Thanks, I've been looking for new wheels for a while for when my current tyres get replaced and wanted to keep it oem looking, Riva DTMs were on my list but these look much nicer.


----------



## phill313 (May 17, 2012)

Ahh I see would these results be possible with a da ?


----------



## DetailMyCar (Apr 19, 2010)

phill313 said:


> Ahh I see would these results be possible with a da ?


Probably possible with something like the Meguiars Microfibre kit - Speak to Russ at MidlandsCarCare as he's used it a lot. Most BMW's I've done are fairly hard and take a fair bit to get them corrected so with a DA it would only be harder work in most cases but equally no 2 cars are the same so it's not always that simple.

You can still get great results with a DA, it just tends to take more time / patience and a good technique.


----------



## gb270 (Aug 22, 2008)

Great job there


----------



## B&B Autostyle (Apr 4, 2010)

Top stuff as always.


----------



## M70NJP (Jul 4, 2012)

I have been reading all the great comment's from you all about the fantastic job that Nick did on my BMW at the start of the thread. (Detail my Car)
It came out much better than i expected despite me researching all the cars that Nick had previously completed.

Danno1975 - With respect to the alloys, they are Zito ZL 935 alloys in Hyper silver, 19x8.5 et20 fronts and 19x9.5 et35 rears.
They concave 40mm from the rim on the front and 55mm on the rears.
I bought mine from wheelbase alloys.com for £599 incl delivery but you can also buy them from BMautosport.co.uk with the same or deeper dish rears where they are also available in black.

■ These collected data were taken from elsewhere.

Lemma near_ray_or_line_of_unbounded_abscissa S D : convex2 S ->
  (forall s t t', S (s, t) -> S (s, t') -> t - t' <= D) ->
  (forall M, exists s t, S (s, t) /\ M < Rabs s) ->
  near_ray_or_line eucl2 (fun _ => True) S.
Proof.
  intros Hconv Hsec Hunb.
  destruct (classic (unbounded_right S)) as [Hright|Hright].
  { exact (near_ray_or_line_of_unbounded_right S Hconv D Hsec Hright). }
  apply not_all_ex_not in Hright as [B HB].
  apply (near_ray_or_line_involution reflect_s);
    [apply reflect_s_isometric | apply reflect_sK |].
  apply (near_ray_or_line_of_unbounded_right _) with (D := D); unfold reflect_s.
  - intros s1 t1 s2 t2 l H1 H2 Hl; cbn in *.
    replace (- (s1 + l * (s2 - s1))) with (- s1 + l * (- s2 - - s1)) by ring.
    apply Hconv; auto.
  - intros s t t'; cbn. apply Hsec.
  - intros M. destruct (Hunb (Rmax M B)) as (s & t & H & Hs).
    exists (- s), t. cbn. rewrite Ropp_involutive. split; [exact H|].
    assert (s <= B) by (apply Rnot_lt_le; intros Hlt; apply HB; eauto).
    pose proof (Rmax_l M B). pose proof (Rmax_r M B).
    destruct (Rle_dec 0 s); [rewrite Rabs_right in Hs | rewrite Rabs_left in Hs]; lra.
Qed.

Lemma near_ray_or_line_of_convex2 S D1 D2 : convex2 S ->
  (forall s t t', S (s, t) -> S (s, t') -> t - t' <= D1) ->
  (forall s s' t, S (s, t) -> S (s', t) -> s - s' <= D2) ->
  unbounded eucl2 S -> near_ray_or_line eucl2 (fun _ => True) S.
Proof.
  intros Hconv Hv Hh Hunb.
  destruct (classic (forall M, exists s t, S (s, t) /\ M < Rabs s)) as [Hs|Hs].
  { exact (near_ray_or_line_of_unbounded_abscissa S D1 Hconv Hv Hs). }
  destruct (classic (forall M, exists s t, S (s, t) /\ M < Rabs t)) as [Ht|Ht].
  { apply (near_ray_or_line_involution swap_st);
      [apply swap_st_isometric | apply swap_stK |].
    apply (near_ray_or_line_of_unbounded_abscissa _ D2); unfold swap_st.
    - intros s1 t1 s2 t2 l H1 H2 Hl; cbn in *. apply Hconv; auto.
    - intros s t t'; cbn. apply Hh.
    - intros M. destruct (Ht M) as (s & t & H & Hlt). eauto. }
  apply not_all_ex_not in Hs as [A HA]. apply not_all_ex_not in Ht as [B HB].
  assert (HsA : forall s t, S (s, t) -> Rabs s <= A).
  { intros s t H. apply Rnot_lt_le. intros Hlt. apply HA. eauto. }
  assert (HtB : forall s t, S (s, t) -> Rabs t <= B).
  { intros s t H. apply Rnot_lt_le. intros Hlt. apply HB. eauto. }
  exfalso. destruct (Hunb (2 * A + 2 * B)) as ([s t] & [s' t'] & H & H' & Hlt).
  pose proof (eucl2_le_sum s t s' t').
  pose proof (Rabs_sub_le s s'). pose proof (Rabs_sub_le t t').
  pose proof (HsA _ _ H). pose proof (HsA _ _ H').
  pose proof (HtB _ _ H). pose proof (HtB _ _ H'). lra.
Qed.
(* Psi_{k+1}' = z (lambda_k Psi_{k+1} + Psi_k): differentiate under the integral and use
   w Q_{k+1}(w) = lambda_k Q_{k+1}(w) + Q_k(w). *)
Lemma Psi_deriv k s : (k <= N)%nat ->
  Cderiv (Psi (S k)) s (Cmult z (Cplus (Cmult (lam k) (Psi (S k) s)) (Psi k s))).
Proof.
  intros Hk. unfold Psi.
  eapply Cderiv_eq; [| apply (Cint_exp_param_deriv (fun t => Cmult z (circle r t)) (kernel (S k)) s)].
  2: apply Ccont_mult; [apply Ccont_const | apply Ccont_circle].
  2: apply Ccont_kernel; lia.
  assert (Hc : forall j, (j <= S N)%nat -> Ccont (fun t => Cmult (exp_szw s t) (kernel j t)))
    by (intros; apply Ccont_mult; [apply Ccont_exp_szw | apply Ccont_kernel; auto]).
  rewrite <- Cint_cmult, <- Cint_plus, <- Cint_cmult.
  - apply Cint_ext; intros t. unfold kernel, exp_szw.
    rewrite (partial_inv_prod_peel lam r N Hr k t Hk). cring.
  - apply Ccont_plus; [apply Ccont_mult; [apply Ccont_const | apply Hc; lia] | apply Hc; lia].
  - apply Ccont_mult; [apply Ccont_const | apply Hc; lia].
  - apply Hc; lia.
  - apply Hc; lia.
Qed.

Lemma Psi_init k : (k <= N)%nat -> Psi (S k) 0 = match k with O => C1 | _ => C0 end.
Proof.
  intros Hk. unfold Psi.
  transitivity (Cmult (RC (/ TwoPI)) (moment lam r (S k) 0)).
  - unfold moment. rewrite <- Cint_cmult by (apply Ccont_moment_integrand with (N := N); auto; lia).
    apply Cint_ext; intros. unfold exp_szw, kernel.
    replace (Cscal 0 (Cmult z (circle r t))) with C0 by cring.
    rewrite Cexp_0. simpl Cpow. cring.
  - rewrite (moment_init lam r N Hr k Hk). pose proof TwoPI_pos.
    destruct k; [apply Cext; simpl; field; lra | cring].
Qed.

End Psi.

(** * Growth of Psi_k under an affine bound |lambda_j| <= C + c j *)

(* y |-> e^{C y} ((e^{c y} - 1)/c)^k / k!, the solution of the comparison system. *)
Definition majorant (C c : R) (k : nat) (y : R) : R :=
  exp (C * y) * (exp (c * y) - 1) ^ k / (c ^ k * INR (fact k)).

Lemma majorant_at_0 C c k : majorant C c (S k) 0 = 0.
Proof. unfold majorant. rewrite !Rmult_0_r, exp_0. cbn [pow]. unfold Rdiv; ring. Qed.

Lemma majorant_deriv C c x s m tau : 0 < c ->
  derivable_pt_lim
    (fun tau => exp ((C + c * INR (S m)) * x * (s - tau)) * majorant C c (S m) (x * tau)) tau
    (x * exp ((C + c * INR (S m)) * x * (s - tau)) * majorant C c m (x * tau)).
Proof.
  intros Hc. apply is_derive_Reals. unfold majorant.
  assert (INR (fact m) <> 0) by (apply not_0_INR, fact_neq_0).
  assert (c ^ m <> 0) by (apply pow_nonzero; lra).
  pose proof (pos_INR m).
  auto_derive; [auto |].
  change (match m with 0%nat => 1 | S _ => INR m + 1 end) with (INR (S m)).
  rewrite plus_INR, mult_INR, S_INR.
  set (u := exp (c * (x * tau))). set (v := exp (C * (x * tau))).
  set (w := exp ((C + c * (INR m + 1)) * x * (s + - tau))).
  replace (exp ((C + c * (INR m + 1)) * x * (s - tau))) with w by (unfold w; f_equal; ring).
  replace (u + - (1)) with (u - 1) by ring.
  replace (INR (fact m) + INR m * INR (fact m)) with ((INR m + 1) * INR (fact m)) by ring.
  field. repeat split; auto; lra.
Qed.

Lemma exp_le_mono a b : a <= b -> exp a <= exp b.
Proof. intros [H | ->]; [left; apply exp_increasing; auto | right; auto]. Qed.

Section Growth.
Variable lam : nat -> Cpx.
Variable r : R.
Variable N : nat.
Hypothesis Hr : forall j, (j <= N)%nat -> Cnorm (lam j) < r.
Variable z : Cpx.
Variables C c : R.
Hypothesis Hc : 0 < c.
Hypothesis Haffine : forall j, (j <= N)%nat -> Cnorm (lam j) <= C + c * INR j.

Local Notation x := (Cnorm z).
Local Notation Psi := (Psi lam r z).

(* Variation of constants: tau |-> e^{(s - tau) z lambda_k} Psi_{k+1}(tau). *)
Definition damped (k : nat) (s tau : R) : Cpx :=
  Cmult (Cexp (Cscal (s - tau) (Cmult z (lam k)))) (Psi (S k) tau).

I have also added a rear spoiler bought from ebay, stainless steel cat back system from mijperformance.com and an engine remap taking it out rom 177BHP to 215 BHP inclusive of exhaust performance from eliteremaps.com

Thanks Nick for a fantastic job !!
Highly recommended to all !!


----------



## Danno1975 (Mar 30, 2009)

Thanks mate , some nice mods, was thinking of doing some tuning to mine but got these fun messages tonight.
















Looks expensive


----------



## MLAM (Jan 21, 2009)

Great job enhancing M70NJP's BMW there Nick, congratulations on the birth of your baby girl too.

I must say the wheels and the spoiler sets the car off nicely, very tastefully modded M70NJP


----------



## DetailMyCar (Apr 19, 2010)

M70NJP said:


> I have been reading all the great comment's from you all about the fantastic job that Nick did on my BMW at the start of the thread. (Detail my Car)
> It came out much better than i expected despite me researching all the cars that Nick had previously completed.
> 
> Danno1975 - With respect to the alloys, they are Zito ZL 935 alloys in Hyper silver, 19x8.5 et20 fronts and 19x9.5 et35 rears.
> ...


Thanks very much for posting Neil, very much appreciated and I'm glad you were happy with how the car came out!

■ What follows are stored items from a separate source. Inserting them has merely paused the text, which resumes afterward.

(* Let $(X,A)$ be a relative fat CW complex with fat skeleta $X^{(n)}$. For each $n\ge0$, the canonical map $\hat i_n:X^{(n-1)}\to X^{(n)}$ is an induction.
   Context: An induction is an injective smooth map that is a diffeomorphism onto its image with the subset diffeology. Let $\ell(t)=0$ for $t\le0$, $e^{-1/t}$ for $t>0$; $\alpha_0=\int_0^1\ell(3x)\ell(3-3x)dx$; $\lambda(t)=\frac1{\alpha_0}\int_0^t\ell(3x)\ell(3-3x)dx$; $\phi(t)=\int_0^{1/2+t}\lambda(x)dx$. For integers $n,m\ge0$: $\mathbb{D}^{n,m}=\{(u,v)\in\mathbb{R}^n\times\mathbb{R}^m:\|u\|\ge1-\phi(2-\|u\|-\|v\|)\}$, $\mathbb{S}^{n-1,m}=\{(u,v):\|u\|\ge1\}$ (empty for $n=0$), with subset diffeologies. A relative fat CW complex $(X,A)$ consists of a diffeological space $X$, subspaces $A=X^{(-1)}\subset X^{(0)}\subset\cdots$, index sets $J_n$, maps $m_n:J_n\to\mathbb{N}_0$ and smooth maps $h_n:\coprod_{j\in J_n}\mathbb{S}^{n-1,m_n(j)}\to X^{(n-1)}$ such that $X^{(n)}$ is the pushout in the category of diffeological spaces of the inclusion $i_n:\coprod_j\mathbb{S}^{n-1,m_n(j)}\hookrightarrow\coprod_j\mathbb{D}^{n,m_n(j)}$ and $h_n$, with induced maps $\hat i_n:X^{(n-1)}\to X^{(n)}$ and $\hat h_n:\coprod_j\mathbb{D}^{n,m_n(j)}\to X^{(n)}$, and $X$ is the diffeological colimit of the $X^{(n)}$. *)

From HB Require Import structures.
From mathcomp Require Import all_boot all_order all_algebra.
From mathcomp Require Import all_classical all_reals all_analysis.
Set Implicit Arguments. Unset Strict Implicit. Unset Printing Implicit Defensive.
Import Order.TTheory GRing.Theory Num.Theory.
Import numFieldNormedType.Exports.
Local Open Scope classical_set_scope.
Local Open Scope ring_scope.

Section Diffeology.
Variable R : realType.

Definition basis_vec (n : nat) (i : 'I_n) : 'rV[R]_n := delta_mx 0 i.

Definition partials_closed (n k : nat) (U : set 'rV[R]_n)
    (S : set ('rV[R]_n -> 'rV[R]_k)) : Prop :=
  forall g, S g ->
    (forall x, U x -> {for x, continuous g}) /\
    (forall i : 'I_n,
        (forall x, U x -> derivable g x (basis_vec i)) /\
        S (fun y => 'D_(basis_vec i) g y)).

(* F is C^infinity on U: all iterated partial derivatives of F exist and are
   continuous on U. *)
Definition smooth_on (n k : nat) (U : set 'rV[R]_n) (F : 'rV[R]_n -> 'rV[R]_k) :=
  exists S, partials_closed U S /\ S F.

(* A space with a family of plots; a plot of dimension n is a pair (U, p) with
   U an open subset of R^n and p : U -> X (represented by a total map whose
   values outside U are irrelevant). *)
Record dspace := DSpace {
  dcar :> Type;
  dplot : forall n : nat, set 'rV[R]_n -> ('rV[R]_n -> dcar) -> Prop }.

Definition is_diffeology (X : dspace) : Prop :=
  (forall n U p, @dplot X n U p -> open U) /\
  (forall n U (p q : 'rV[R]_n -> X), dplot U p ->
      (forall x, U x -> p x = q x) -> dplot U q) /\
  (forall n (U : set 'rV[R]_n) (c : X), open U -> dplot U (fun _ => c)) /\
  (forall n (U : set 'rV[R]_n) (p : 'rV[R]_n -> X), open U ->
      (forall x, U x -> exists V, [/\ open V, V x, V `<=` U & dplot V p]) ->
      dplot U p) /\
  (forall n k (U : set 'rV[R]_n) (p : 'rV[R]_n -> X) (V : set 'rV[R]_k)
          (F : 'rV[R]_k -> 'rV[R]_n),
      dplot U p -> open V -> smooth_on V F -> (forall y, V y -> U (F y)) ->
      dplot V (p \o F)).

Definition dsmooth (X Y : dspace) (f : X -> Y) : Prop :=
  forall n U (p : 'rV[R]_n -> X), dplot U p -> dplot U (f \o p).

Definition ddiffeo (X Y : dspace) (f : X -> Y) : Prop :=
  dsmooth f /\ exists g : Y -> X, [/\ dsmooth g, cancel f g & cancel g f].

Definition euclid (k : nat) : dspace :=
  @DSpace 'rV[R]_k (fun n U p => open U /\ smooth_on U p).

Definition subspace (X : dspace) (A : set X) : dspace :=
  @DSpace {x : X | A x} (fun n U p => dplot U (sval \o p)).

Definition coprod (J : Type) (T : J -> dspace) : dspace :=
  @DSpace {j : J & T j} (fun n U p =>
    open U /\
    forall x, U x -> exists V j (q : 'rV[R]_n -> T j),
      [/\ open V, V x, V `<=` U, dplot V q &
          forall y, V y -> p y = existT _ j (q y)]).

Definition dimage (X Y : dspace) (f : X -> Y) : set Y := fun y => exists x, f x = y.
Definition corestr (X Y : dspace) (f : X -> Y) : X -> subspace (dimage f) :=
  fun x => exist _ (f x) (ex_intro _ x erefl).
Definition induction_map (X Y : dspace) (f : X -> Y) : Prop :=
  [/\ injective f, dsmooth f & ddiffeo (corestr f)].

As I said any questions you have about maintaining it or advice on products please just let me know but looking forward to doing you Wife's Beetle in the coming weeks, I'll be in touch shortly.

Thanks again

Nick.


----------



## Dan Clark (Jun 25, 2007)

Nice job!! I am loving those ZITO wheels....i am looking at the very same for my 3 touring on bmautosport....


----------



## alexj (Apr 12, 2012)

looks like a great finish there, no expense spared with the Crystal Rock !


----------



## lisaclio (Sep 6, 2008)

looking good


----------



## M70NJP (Jul 4, 2012)

I have been asked if the car has been lowered or had any other modifications done to it.

The only other modifications i have carried out to those previously mentioned are the black performance grills at the front, smoked indicators on the front wings, bright white angel eye bulbs and bright white main beam bulbs.
The tinted windows were an option when bought new as is the brakes, suspension and basically the rest of the car.

Hope that helps !!


----------